### What is being asked
Within the entries below, the lines from the one with "x.1 * g x.2." through the one with "rewrite /expect big_distrl;" are to be set down exactly, both ends kept.
::: Data listing :::
Lemma tens_mix_neg_corr (a b c d : R) :
  0 <= a -> 0 <= b -> 0 <= c -> 0 <= d -> a * d <= b * c ->
  neg_corr (fun S => a * tens Kl Kr S + b * tens Kl Fr S
                     + c * tens Fl Kr S + d * tens Fl Fr S).
Proof.
move=> a0 b0 c0 d0 hC; set M := fun S => _.
have cross S x y : x \in L -> y \notin L ->
    M S * M (x |: (y |: S)) <= M (x |: S) * M (y |: S).
  move=> xL yL; rewrite /M /tens !(setU1I_in _ xL) !(setU1D_in _ xL).
  rewrite !(setU1I_notin _ yL) !(setU1D_notin _ yL).
  exact: bilinear_cross hC (nc_ratio hl _ x) (nc_ratio hr _ y).
move=> S x y xy; case: (boolP (x \in L)) => xL; case: (boolP (y \in L)) => yL.
- rewrite /M /tens !(setU1I_in _ xL) !(setU1D_in _ xL).
  rewrite !(setU1I_in _ yL) !(setU1D_in _ yL); set U := S :\: L.
  have E T : a * (Kl T * Kr U) + b * (Kl T * Fr U) + c * (Fl T * Kr U) + d * (Fl T * Fr U)
           = (a * Kr U + b * Fr U) * Kl T + (c * Kr U + d * Fr U) * Fl T by ring.
  rewrite !E; apply: (nc_mix hl) xy;
    by rewrite addr_ge0 ?mulr_ge0 ?(nc_K_ge0 hr) ?(nc_F_ge0 hr).
- exact: cross.
- by rewrite setUCA [X in _ <= X]mulrC; apply: cross.
- rewrite /M /tens !(setU1I_notin _ xL) !(setU1D_notin _ xL).
  rewrite !(setU1I_notin _ yL) !(setU1D_notin _ yL); set T := S :&: L.
  have E U : a * (Kl T * Kr U) + b * (Kl T * Fr U) + c * (Fl T * Kr U) + d * (Fl T * Fr U)
           = (a * Kl T + c * Fl T) * Kr U + (b * Kl T + d * Fl T) * Fr U by ring.
  rewrite !E; apply: (nc_mix hr) xy;
    by rewrite addr_ge0 ?mulr_ge0 ?(nc_K_ge0 hl) ?(nc_F_ge0 hl).
Qed.

Lemma nc_pair_tens_reject (lam : R) : 0 <= lam <= 1 ->
  nc_pair (fun S => lam * tens Kl Fr S + (1 - lam) * tens Fl Kr S) (tens Fl Fr).
Proof.
case/andP=> l0; rewrite -subr_ge0 => l1; split.
- by move=> S; rewrite addr_ge0 ?mulr_ge0 ?(nc_K_ge0 hl, nc_F_ge0 hl, nc_K_ge0 hr, nc_F_ge0 hr).
- by move=> S; rewrite mulr_ge0 ?(nc_F_ge0 hl, nc_F_ge0 hr).
- move=> S x; rewrite /tens; case: (boolP (x \in L)) => xL.
    rewrite (setU1I_in _ xL) (setU1D_in _ xL).
    by apply: (ler_of_subr_eq (mulr_ge0 l0 (sqr_ge0 (Fr (S :\: L)))) (nc_ratio_ge0 _ x hl)); ring.
  rewrite (setU1I_notin _ xL) (setU1D_notin _ xL).
  by apply: (ler_of_subr_eq (mulr_ge0 l1 (sqr_ge0 (Fl (S :&: L)))) (nc_ratio_ge0 _ x hr)); ring.
- move=> e f e0 f0.
  apply: (neg_corr_ext _ (@tens_mix_neg_corr 0 (e * lam) (e * (1 - lam)) f _ _ _ _ _)) => [S|||||];
    first [by [] | exact: mulr_ge0 | by rewrite mul0r !mulr_ge0 | ring].
Qed.

Lemma nc_pair_tens_accept (mu : R) : 0 <= mu <= 1 ->
  nc_pair (tens Kl Kr) (fun S => mu * tens Fl Kr S + (1 - mu) * tens Kl Fr S).
Proof.
case/andP=> m0; rewrite -subr_ge0 => m1; split.
- by move=> S; rewrite mulr_ge0 ?(nc_K_ge0 hl, nc_K_ge0 hr).
- by move=> S; rewrite addr_ge0 ?mulr_ge0 ?(nc_K_ge0 hl, nc_F_ge0 hl, nc_K_ge0 hr, nc_F_ge0 hr).
- move=> S x; rewrite /tens; case: (boolP (x \in L)) => xL.
    rewrite (setU1I_in _ xL) (setU1D_in _ xL).
    by apply: (ler_of_subr_eq (mulr_ge0 m0 (sqr_ge0 (Kr (S :\: L)))) (nc_ratio_ge0 _ x hl)); ring.
  rewrite (setU1I_notin _ xL) (setU1D_notin _ xL).
  by apply: (ler_of_subr_eq (mulr_ge0 m1 (sqr_ge0 (Kl (S :&: L)))) (nc_ratio_ge0 _ x hr)); ring.
- move=> e f e0 f0.
  apply: (neg_corr_ext _ (@tens_mix_neg_corr e (f * (1 - mu)) (f * mu) 0 _ _ _ _ _)) => [S|||||];
    first [by [] | exact: mulr_ge0 | by rewrite mulr0 !mulr_ge0 | ring].
Qed.

End Tensor.

Definition expect (R : realFieldType) (A : Type) (d : dist R A) (g : A -> R) : R :=
  \sum_(x <- d) x.1 * g x.2.

Lemma expect_mul (R : realFieldType) (A B : Type) (d1 : dist R A) (d2 : dist R B) g h :
  expect d1 g * expect d2 h = \sum_(x <- d1) \sum_(y <- d2) x.1 * y.1 * (g x.2 * h y.2).
Proof.
rewrite /expect big_distrl; apply: eq_bigr => x _.
by rewrite big_distrr; apply: eq_bigr => y _; rewrite mulrACA.
Qed.

Section PivotalSampling.
Variables (R : realFieldType) (n : nat) (q : 'I_n -> R).
Hypothesis q01 : forall i, 0 <= q i <= 1.
Implicit Types (t l r : btree n) (S T L A B : {set 'I_n}).

Fixpoint root_prob t : R :=
  match t with
  | BLeaf i => q i
  | BNode l r => if root_prob l + root_prob r <= 1 then root_prob l + root_prob r
                 else root_prob l + root_prob r - 1
  end.

Lemma root_prob01 t : 0 <= root_prob t <= 1.
Proof.
elim: t => [i|l /andP[? ?] r /andP[? ?]] /=; first exact: q01.
by case: ifP => hs; apply/andP; split; lra.
Qed.

Definition leafset t := [set z in leaves t].

Lemma leafset_node l r : leafset (BNode l r) = leafset l :|: leafset r.
Proof. by apply/setP => z; rewrite !inE mem_cat. Qed.

Lemma mem_merge (ia ib : 'I_n) (pa pb : R) Aa Ab z :
  z \in Defs.merge (ia, pa, Aa) (ib, pb, Ab) ->
  [/\ z.2.1.2 = (if pa + pb <= 1 then pa + pb else pa + pb - 1),
      z.2.1.1 \in [set ia; ib] & z.2.2 \subset ia |: (ib |: (Aa :|: Ab))].
Proof.
have sub1 := subsetU1 ia (ib |: (Aa :|: Ab)).
have sub2 := subset_trans (subsetU1 ib (Aa :|: Ab)) sub1.
rewrite /Defs.merge; case: ifP => _; rewrite !inE => /orP[]/eqP-> /=;
  rewrite ?inE ?eqxx ?orbT //; split=> //.
exact/setUS/subsetU1.
Qed.

Lemma mem_run_node l r x : x \in run q (BNode l r) ->
  exists a b z, [/\ a \in run q l, b \in run q r,
    z \in Defs.merge a.2 b.2 & x = (a.1 * b.1 * z.1, z.2)].
Proof.
move=> /flattenP [_ /mapP [a ha ->]] /flattenP [_ /mapP [b hb ->]] /mapP [z hz ->].
by exists a, b, z.
Qed.

Lemma mem_run t x : x \in run q t ->
  [/\ x.2.1.2 = root_prob t, x.2.1.1 \in leafset t & x.2.2 \subset leafset t].
Proof.
elim: t x => [i|l IHl r IHr] x.
  by rewrite inE => /eqP -> /=; rewrite inE mem_seq1 eqxx sub0set.
case/mem_run_node => -[wa [[ia pa] Aa]] [[wb [[ib pb] Ab]] [z [/IHl[/= -> iaL AaL]]]].
case/IHr => /= -> ibR AbR /mem_merge[pz iz Az] -> /=; rewrite leafset_node; split=> //.
- by case/set2P: iz => ->; rewrite in_setU ?iaL ?ibR ?orbT.
- apply: (subset_trans Az); rewrite !subUset !sub1set !in_setU iaL ibR orbT /=.
  by rewrite (subset_trans AaL (subsetUl _ _)) (subset_trans AbR (subsetUr _ _)).
Qed.

Definition settled S (s : nstate R n) : R := (S \subset s.2)%:R.
Definition settled_or_pivot S (s : nstate R n) : R := (S \subset s.1.1 |: s.2)%:R.

Definition Pr_settled t S := expect (run q t) (settled S).
Definition Pr_settled_or_pivot t S := expect (run q t) (settled_or_pivot S).

Definition left_pivot_weight (a b : R) : R :=
  if a + b <= 1 then a / (a + b) else (1 - a) / (2 - a - b).

Lemma divDr01 (a b : R) : 0 <= a -> 0 <= b -> 0 <= a / (a + b) <= 1.
Proof.
move=> a0 b0; have [->|ab0] := eqVneq (a + b) 0; first by rewrite invr0 mulr0 lexx ler01.
have ab_gt0 : 0 < a + b by rewrite lt_def ab0 addr_ge0.
by rewrite divr_ge0 ?ler_pdivrMr ?mul1r ?lerDl // ltW.
Qed.

Lemma left_pivot_weight01 (a b : R) : 0 <= a <= 1 -> 0 <= b <= 1 ->
  0 <= left_pivot_weight a b <= 1.
Proof.
rewrite /left_pivot_weight => /andP[a0 a1] /andP[b0 b1]; case: ifP => _.
  exact: divDr01.
by rewrite (_ : 2 - a - b = (1 - a) + (1 - b)) ?divDr01 ?subr_ge0 //; ring.
Qed.
Lemma qform_LMI2 xi eta w zeta :
  qform (LMI2 A B E Ew Cq T2 alpha2 mu2 P2 R3 R4 X2 Y2)
    (col_mx (col_mx (col_mx xi eta) w) zeta) =
  2 * dot xi (Atil A E Cq T2 *m (P2 *m xi) + B *m (R3 *m xi)
              + (Etil E T2 *m Y2 + B *m R4) *m eta + Ew *m w)
  + alpha2 * qform P2 xi - mu2 * dot w w - qform Y2 eta
  + 2 * dot zeta (Gam1 T2 *m (Cq *m (P2 *m xi)) + Gam2 T2 *m (Y2 *m eta))
  - qform X2 zeta.
Proof.
rewrite /LMI2; cbv zeta.
rewrite -[X in block_mx _ _ X _]trmxK qform_block_sym dot_trmx qformD !qformN.
rewrite -qform_mulmx varphi_mul qform_sym3 qform0mx qformN qformZ qform1mx.
rewrite !qformD qformZ -[P2 in P2 *m _^T]P2_sym -!trmx_mul !qform_trmx.
rewrite !mul_row_col !qformE !(mulmxDl, mul0mx) -!mulmxA.
by rewrite !(dotDr, dot0r); ring.
Qed.

Lemma controller_dissipation x xd e w pq :
  xd = A *m x + B *m (K1 *m (x - e)) + E *m pq + Ew *m w ->
  0 <= qform (T2^T *m block_mx (invmx X2) 0 0 (- invmx Y2) *m T2) (col_mx (Cq *m x) pq) ->
  2 * dot x (invmx P2 *m xd) <=
    - alpha2 * qform (invmx P2) x + mu2 * dot w w - 2 * dot (invmx P2 *m x) (B *m (K1 *m e)).
Proof.
move=> xd_def; rewrite qform_multiplier subr_ge0.
set z := Tb1 T2 *m _ + _; set v := Tb3 T2 *m _ + _ => mult.
(* The second LMI is stated in the dual variables [P2^-1 x], [Y2^-1 v] and [X2^-1 z]. *)
set xi := invmx P2 *m x; have Pxi : P2 *m xi = x by rewrite mulKVmx.
pose eta := invmx Y2 *m v; have Yeta : Y2 *m eta = v by rewrite mulKVmx.
pose zeta := invmx X2 *m z; have Xzeta : X2 *m zeta = z by rewrite mulKVmx.
have psi : Gam1 T2 *m (Cq *m (P2 *m xi)) + Gam2 T2 *m (Y2 *m eta) = z.
  by rewrite Pxi Yeta /z loop_transform_Gam.
have dyn : xd = Atil A E Cq T2 *m (P2 *m xi) + B *m (R3 *m xi)
                + (Etil E T2 *m Y2 + B *m R4) *m eta + Ew *m w - B *m (K1 *m e).
  rewrite R4_0 mulmx0 addr0 -mulmxA Yeta Pxi xd_def K1_def /xi.
  rewrite {1}(loop_transform_dp (Cq *m x) pq T24_unit) -/v /Atil /Etil.
  rewrite !(mulmxDl, mulmxDr, mulmxBl, mulmxBr, mulNmx, mulmxN) -!mulmxA.
  by apply/matrixP => i j; rewrite !mxE; ring.
have := LMI2_nsd (col_mx (col_mx (col_mx xi eta) w) zeta).
rewrite qform_LMI2 psi !qformE Pxi Yeta Xzeta.
move: mult; rewrite !qformE -/eta -/zeta (dotC v) (dotC z).
have Qsym : (invmx P2)^T = invmx P2 by rewrite trmx_inv P2_sym.
have -> : dot x (invmx P2 *m xd) = dot xi xd by rewrite -{1}Qsym dot_trmx dotC.
move=> mult LMI; rewrite -/xi (dotC x) dyn Pxi dotDr dotNr; lra.
Qed.

End Controller.
End LMIExpansion.

Lemma composite_rate (R : realType) (alpha1 alpha2 kG kap a b : R) :
  0 < alpha2 -> 0 <= kap -> 4 / alpha2 * kG <= kap * alpha1 -> 0 <= a -> 0 <= b ->
  - alpha2 * a + alpha2 / 2 * a + 2 / alpha2 * (kG * b) + kap * (- alpha1 * b)
    <= - Num.min (alpha2 / 2) (alpha1 / 2) * (a + kap * b).
Proof.
move=> a2 kap0 kap_big a0 b0.
set c := Num.min _ _.
have h1 : c * a <= alpha2 / 2 * a by rewrite ler_wpM2r // ge_min lexx.
have h2 : c * (kap * b) <= alpha1 / 2 * (kap * b).
  by rewrite ler_wpM2r ?mulr_ge0 // ge_min lexx orbT.
have h3 : 2 / alpha2 * kG * b <= kap * alpha1 / 2 * b.
  apply: ler_wpM2r => //.
  have -> : 2 / alpha2 * kG = 4 / alpha2 * kG / 2 by field; rewrite lt0r_neq0.
  lra.
rewrite !mulrA in h2 h3 *; lra.
Qed.

Section ClosedLoop.
Variable R : realType.
Variables nx nu ny nw nq np : nat.
Variables (A : 'M[R]_nx) (B : 'M[R]_(nx, nu)) (E : 'M[R]_(nx, np)) (Ew : 'M[R]_(nx, nw)).
Variables (C : 'M[R]_(ny, nx)) (D : 'M[R]_(ny, nu)) (Fw : 'M[R]_(ny, nw)).
Variables (Cq : 'M[R]_(nq, nx)) (p : 'cV[R]_nq -> 'cV[R]_np).
Variables (L1 : 'M[R]_(nq, ny)) (L2 : 'M[R]_(nx, ny)) (K1 : 'M[R]_(nu, nx)).

Lemma closed_loop_error_form w x xh (s : R) :
  closed_loop_solution A B E Ew C D Fw Cq p L1 L2 K1 w x xh -> 0 < s ->
  let e := x s - xh s in
  exists qo,
  [/\ is_derive s 1 x (A *m x s + B *m (K1 *m (x s - e)) + E *m p (Cq *m x s) + Ew *m w s),
      is_derive s 1 (x - xh)
        (A *m e + E *m (p (Cq *m x s) - p qo) + Ew *m w s + L2 *m (C *m e + Fw *m w s)) &
      Cq *m x s - qo = Cq *m e + L1 *m (C *m e + Fw *m w s)].
Proof.
move=> [_ [_ sol]] s0 e; have [dx dxh] := sol s s0.
exists (Cq *m xh s + L1 *m (C *m xh s + D *m (K1 *m xh s)
                          - (C *m x s + D *m (K1 *m xh s) + Fw *m w s))).
have -> : x s - e = xh s by rewrite /e opprB addrC subrK.
split => //.
  apply: is_derive_eq (is_deriveB dx dxh) _.
  rewrite /e !(mulmxDr, mulmxBr, mulmxN, opprD, opprB).
  by apply/matrixP => i j; rewrite !mxE; ring.
rewrite /e !(mulmxDr, mulmxBr, mulmxN, opprD, opprB).
by apply/matrixP => i j; rewrite !mxE; ring.
Qed.

Lemma closed_loop_qform_continuous w x xh (Q1 Q2 : 'M[R]_nx) :
  closed_loop_solution A B E Ew C D Fw Cq p L1 L2 K1 w x xh ->
  {within `[0, +oo[, continuous
    (fun t => qform (block_mx Q1 0 0 Q2) (col_mx (x t) (x t - xh t)))}.
Proof.
move=> [x_cont [xh_cont _]] s.
have -> : (fun t => qform (block_mx Q1 0 0 Q2) (col_mx (x t) (x t - xh t)))
    = (fun t => qform Q1 (x t) + qform Q2 (x t - xh t)).
  by apply: funext => t; rewrite qform_block_diag.
apply: cvgD; first exact: (continuous_comp (x_cont s) (@qform_continuous R nx Q1 (x s))).
have e_cont : {for s, continuous
    ((fun t => x t - xh t) : subspace `[0, +oo[%classic -> 'cV[R]_nx)}.
  exact: cvgB (x_cont s) (xh_cont s).
exact: (continuous_comp e_cont (@qform_continuous R nx Q2 (x s - xh s))).
Qed.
:::
### Answer area
  \sum_(x <- d) x.1 * g x.2.

Lemma expect_mul (R : realFieldType) (A B : Type) (d1 : dist R A) (d2 : dist R B) g h :
  expect d1 g * expect d2 h = \sum_(x <- d1) \sum_(y <- d2) x.1 * y.1 * (g x.2 * h y.2).
Proof.
rewrite /expect big_distrl; apply: eq_bigr => x _.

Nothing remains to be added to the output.